[Dataset entries]
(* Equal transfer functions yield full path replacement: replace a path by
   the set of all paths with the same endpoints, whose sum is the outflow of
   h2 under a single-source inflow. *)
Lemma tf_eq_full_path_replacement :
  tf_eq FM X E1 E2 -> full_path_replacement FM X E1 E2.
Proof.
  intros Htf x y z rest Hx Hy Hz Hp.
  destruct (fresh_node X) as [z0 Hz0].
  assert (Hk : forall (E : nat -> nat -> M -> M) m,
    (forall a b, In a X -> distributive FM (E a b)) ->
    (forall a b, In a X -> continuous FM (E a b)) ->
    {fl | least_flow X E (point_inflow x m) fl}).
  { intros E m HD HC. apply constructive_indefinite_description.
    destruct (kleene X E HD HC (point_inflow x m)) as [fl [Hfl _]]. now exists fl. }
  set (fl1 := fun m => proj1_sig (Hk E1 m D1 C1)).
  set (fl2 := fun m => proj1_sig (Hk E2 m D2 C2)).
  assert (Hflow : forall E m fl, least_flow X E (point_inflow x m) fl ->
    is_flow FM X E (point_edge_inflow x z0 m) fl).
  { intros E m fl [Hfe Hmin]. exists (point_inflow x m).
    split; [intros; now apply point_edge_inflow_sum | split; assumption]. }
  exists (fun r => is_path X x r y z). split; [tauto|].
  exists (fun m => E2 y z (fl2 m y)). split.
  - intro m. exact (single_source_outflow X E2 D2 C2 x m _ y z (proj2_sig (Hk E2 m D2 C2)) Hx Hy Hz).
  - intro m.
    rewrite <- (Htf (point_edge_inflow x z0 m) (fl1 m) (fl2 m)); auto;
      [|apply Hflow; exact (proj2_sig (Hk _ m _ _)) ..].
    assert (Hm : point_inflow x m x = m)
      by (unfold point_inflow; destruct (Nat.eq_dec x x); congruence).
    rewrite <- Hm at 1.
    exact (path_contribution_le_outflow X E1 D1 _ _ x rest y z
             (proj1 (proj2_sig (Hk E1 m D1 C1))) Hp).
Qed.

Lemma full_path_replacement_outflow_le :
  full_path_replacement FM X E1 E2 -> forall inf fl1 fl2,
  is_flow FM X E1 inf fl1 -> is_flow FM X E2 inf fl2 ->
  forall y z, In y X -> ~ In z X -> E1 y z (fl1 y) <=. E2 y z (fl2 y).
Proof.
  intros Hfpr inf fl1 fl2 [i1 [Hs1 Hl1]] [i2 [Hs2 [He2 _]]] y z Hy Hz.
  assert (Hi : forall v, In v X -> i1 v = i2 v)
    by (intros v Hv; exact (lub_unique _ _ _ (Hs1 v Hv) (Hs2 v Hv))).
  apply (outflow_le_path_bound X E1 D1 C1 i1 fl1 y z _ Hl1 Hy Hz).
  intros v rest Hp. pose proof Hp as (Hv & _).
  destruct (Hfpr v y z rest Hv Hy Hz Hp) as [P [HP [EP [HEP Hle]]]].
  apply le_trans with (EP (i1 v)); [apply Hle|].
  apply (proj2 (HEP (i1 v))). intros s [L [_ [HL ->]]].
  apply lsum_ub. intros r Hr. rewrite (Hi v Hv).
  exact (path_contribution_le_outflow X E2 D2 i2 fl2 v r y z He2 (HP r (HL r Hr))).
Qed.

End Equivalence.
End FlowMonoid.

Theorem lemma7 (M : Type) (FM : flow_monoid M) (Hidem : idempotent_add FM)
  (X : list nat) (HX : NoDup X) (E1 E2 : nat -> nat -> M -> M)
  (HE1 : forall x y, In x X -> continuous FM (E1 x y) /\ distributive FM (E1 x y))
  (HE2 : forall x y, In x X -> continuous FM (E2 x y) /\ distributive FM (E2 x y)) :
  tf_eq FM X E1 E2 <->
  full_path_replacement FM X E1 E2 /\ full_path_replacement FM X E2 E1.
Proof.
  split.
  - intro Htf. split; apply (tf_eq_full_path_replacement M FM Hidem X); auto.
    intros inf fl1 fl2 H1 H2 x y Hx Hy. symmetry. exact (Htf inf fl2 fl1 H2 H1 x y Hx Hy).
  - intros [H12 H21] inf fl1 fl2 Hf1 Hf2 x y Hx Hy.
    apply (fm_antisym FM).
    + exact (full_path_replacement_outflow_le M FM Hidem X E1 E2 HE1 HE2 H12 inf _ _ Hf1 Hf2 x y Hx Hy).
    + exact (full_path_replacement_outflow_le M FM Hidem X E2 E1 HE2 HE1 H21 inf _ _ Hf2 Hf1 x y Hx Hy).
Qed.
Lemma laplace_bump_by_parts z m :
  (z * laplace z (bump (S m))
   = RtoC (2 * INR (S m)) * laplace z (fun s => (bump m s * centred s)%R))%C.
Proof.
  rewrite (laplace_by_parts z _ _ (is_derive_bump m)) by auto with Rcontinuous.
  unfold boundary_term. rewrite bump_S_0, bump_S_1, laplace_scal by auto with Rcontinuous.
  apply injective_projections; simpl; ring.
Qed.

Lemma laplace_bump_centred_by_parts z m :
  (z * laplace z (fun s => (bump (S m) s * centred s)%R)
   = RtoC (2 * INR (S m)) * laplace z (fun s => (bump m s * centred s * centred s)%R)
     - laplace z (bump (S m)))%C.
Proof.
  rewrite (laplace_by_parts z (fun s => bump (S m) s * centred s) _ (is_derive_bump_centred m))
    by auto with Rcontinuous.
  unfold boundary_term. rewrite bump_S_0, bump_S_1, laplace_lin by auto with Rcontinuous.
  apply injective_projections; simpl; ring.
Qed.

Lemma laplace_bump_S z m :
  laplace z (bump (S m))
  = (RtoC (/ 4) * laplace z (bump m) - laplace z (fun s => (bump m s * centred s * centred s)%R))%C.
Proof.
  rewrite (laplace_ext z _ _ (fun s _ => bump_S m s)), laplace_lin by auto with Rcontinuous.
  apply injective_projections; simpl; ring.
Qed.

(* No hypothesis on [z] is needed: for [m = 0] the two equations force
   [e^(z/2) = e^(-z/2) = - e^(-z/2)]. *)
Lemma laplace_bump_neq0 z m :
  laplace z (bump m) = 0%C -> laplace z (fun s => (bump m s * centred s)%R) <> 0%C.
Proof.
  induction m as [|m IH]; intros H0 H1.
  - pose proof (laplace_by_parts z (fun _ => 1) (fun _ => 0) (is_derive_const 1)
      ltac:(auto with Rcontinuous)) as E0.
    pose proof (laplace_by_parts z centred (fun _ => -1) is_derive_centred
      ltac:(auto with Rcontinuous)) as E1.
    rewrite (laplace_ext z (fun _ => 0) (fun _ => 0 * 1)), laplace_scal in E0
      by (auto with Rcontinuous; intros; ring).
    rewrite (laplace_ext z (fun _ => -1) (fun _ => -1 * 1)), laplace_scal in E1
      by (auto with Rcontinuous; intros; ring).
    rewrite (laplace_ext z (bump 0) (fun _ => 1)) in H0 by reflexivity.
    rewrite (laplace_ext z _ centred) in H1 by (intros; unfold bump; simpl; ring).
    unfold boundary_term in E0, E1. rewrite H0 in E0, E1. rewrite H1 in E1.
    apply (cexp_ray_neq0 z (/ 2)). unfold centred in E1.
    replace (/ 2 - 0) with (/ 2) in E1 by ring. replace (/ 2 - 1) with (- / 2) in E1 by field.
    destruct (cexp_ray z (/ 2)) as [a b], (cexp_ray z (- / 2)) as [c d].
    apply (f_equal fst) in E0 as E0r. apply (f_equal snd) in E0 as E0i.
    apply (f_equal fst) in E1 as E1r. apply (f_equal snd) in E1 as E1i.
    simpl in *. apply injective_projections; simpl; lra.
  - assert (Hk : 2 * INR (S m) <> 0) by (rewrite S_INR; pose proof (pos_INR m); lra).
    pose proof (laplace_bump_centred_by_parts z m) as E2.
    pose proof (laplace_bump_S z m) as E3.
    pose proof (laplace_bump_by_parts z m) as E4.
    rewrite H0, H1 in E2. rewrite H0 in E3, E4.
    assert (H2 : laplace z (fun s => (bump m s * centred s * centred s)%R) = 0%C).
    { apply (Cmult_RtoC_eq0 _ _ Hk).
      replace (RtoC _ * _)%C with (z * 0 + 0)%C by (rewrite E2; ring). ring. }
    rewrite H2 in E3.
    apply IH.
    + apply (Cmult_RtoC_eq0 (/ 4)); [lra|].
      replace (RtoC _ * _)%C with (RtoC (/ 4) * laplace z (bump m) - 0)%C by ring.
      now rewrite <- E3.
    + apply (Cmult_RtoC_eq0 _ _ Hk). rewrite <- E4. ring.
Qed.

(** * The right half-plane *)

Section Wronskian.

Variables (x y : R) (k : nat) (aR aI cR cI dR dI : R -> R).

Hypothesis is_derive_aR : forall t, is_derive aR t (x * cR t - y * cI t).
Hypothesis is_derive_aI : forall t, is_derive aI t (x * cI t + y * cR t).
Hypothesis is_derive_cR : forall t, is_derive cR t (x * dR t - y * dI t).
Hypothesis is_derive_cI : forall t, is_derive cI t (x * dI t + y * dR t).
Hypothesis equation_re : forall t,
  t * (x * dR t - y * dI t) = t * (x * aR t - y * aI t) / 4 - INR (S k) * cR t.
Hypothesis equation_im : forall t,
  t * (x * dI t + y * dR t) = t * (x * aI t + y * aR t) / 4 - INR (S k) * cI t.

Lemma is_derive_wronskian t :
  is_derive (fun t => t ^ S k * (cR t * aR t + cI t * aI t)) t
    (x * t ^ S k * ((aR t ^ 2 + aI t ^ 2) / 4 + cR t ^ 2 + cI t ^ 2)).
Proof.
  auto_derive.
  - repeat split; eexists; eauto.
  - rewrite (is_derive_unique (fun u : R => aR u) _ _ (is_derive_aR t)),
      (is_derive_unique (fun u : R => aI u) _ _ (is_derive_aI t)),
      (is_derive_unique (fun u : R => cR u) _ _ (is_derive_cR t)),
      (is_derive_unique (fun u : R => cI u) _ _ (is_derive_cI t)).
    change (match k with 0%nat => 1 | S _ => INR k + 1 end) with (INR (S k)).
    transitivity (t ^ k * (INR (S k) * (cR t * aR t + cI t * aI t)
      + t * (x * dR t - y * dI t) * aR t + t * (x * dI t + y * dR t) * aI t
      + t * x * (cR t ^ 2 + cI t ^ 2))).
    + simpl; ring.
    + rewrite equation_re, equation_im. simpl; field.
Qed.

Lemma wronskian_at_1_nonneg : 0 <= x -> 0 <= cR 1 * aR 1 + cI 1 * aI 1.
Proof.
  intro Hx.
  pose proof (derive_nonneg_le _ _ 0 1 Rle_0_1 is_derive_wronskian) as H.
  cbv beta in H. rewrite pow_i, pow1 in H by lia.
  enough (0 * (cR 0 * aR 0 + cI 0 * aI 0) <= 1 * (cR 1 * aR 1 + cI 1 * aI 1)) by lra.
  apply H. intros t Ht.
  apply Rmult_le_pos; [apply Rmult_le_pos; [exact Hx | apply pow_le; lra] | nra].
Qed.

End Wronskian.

YOUR GOAL:
Wherever "pose" occurs in the entries above, copy the line it sits on.

ANSWER TO THE EXERCISE:
  intros v rest Hp. pose proof Hp as (Hv & _).
  - pose proof (laplace_by_parts z (fun _ => 1) (fun _ => 0) (is_derive_const 1)
    pose proof (laplace_by_parts z centred (fun _ => -1) is_derive_centred
  - assert (Hk : 2 * INR (S m) <> 0) by (rewrite S_INR; pose proof (pos_INR m); lra).
    pose proof (laplace_bump_centred_by_parts z m) as E2.
    pose proof (laplace_bump_S z m) as E3.
    pose proof (laplace_bump_by_parts z m) as E4.
  pose proof (derive_nonneg_le _ _ 0 1 Rle_0_1 is_derive_wronskian) as H.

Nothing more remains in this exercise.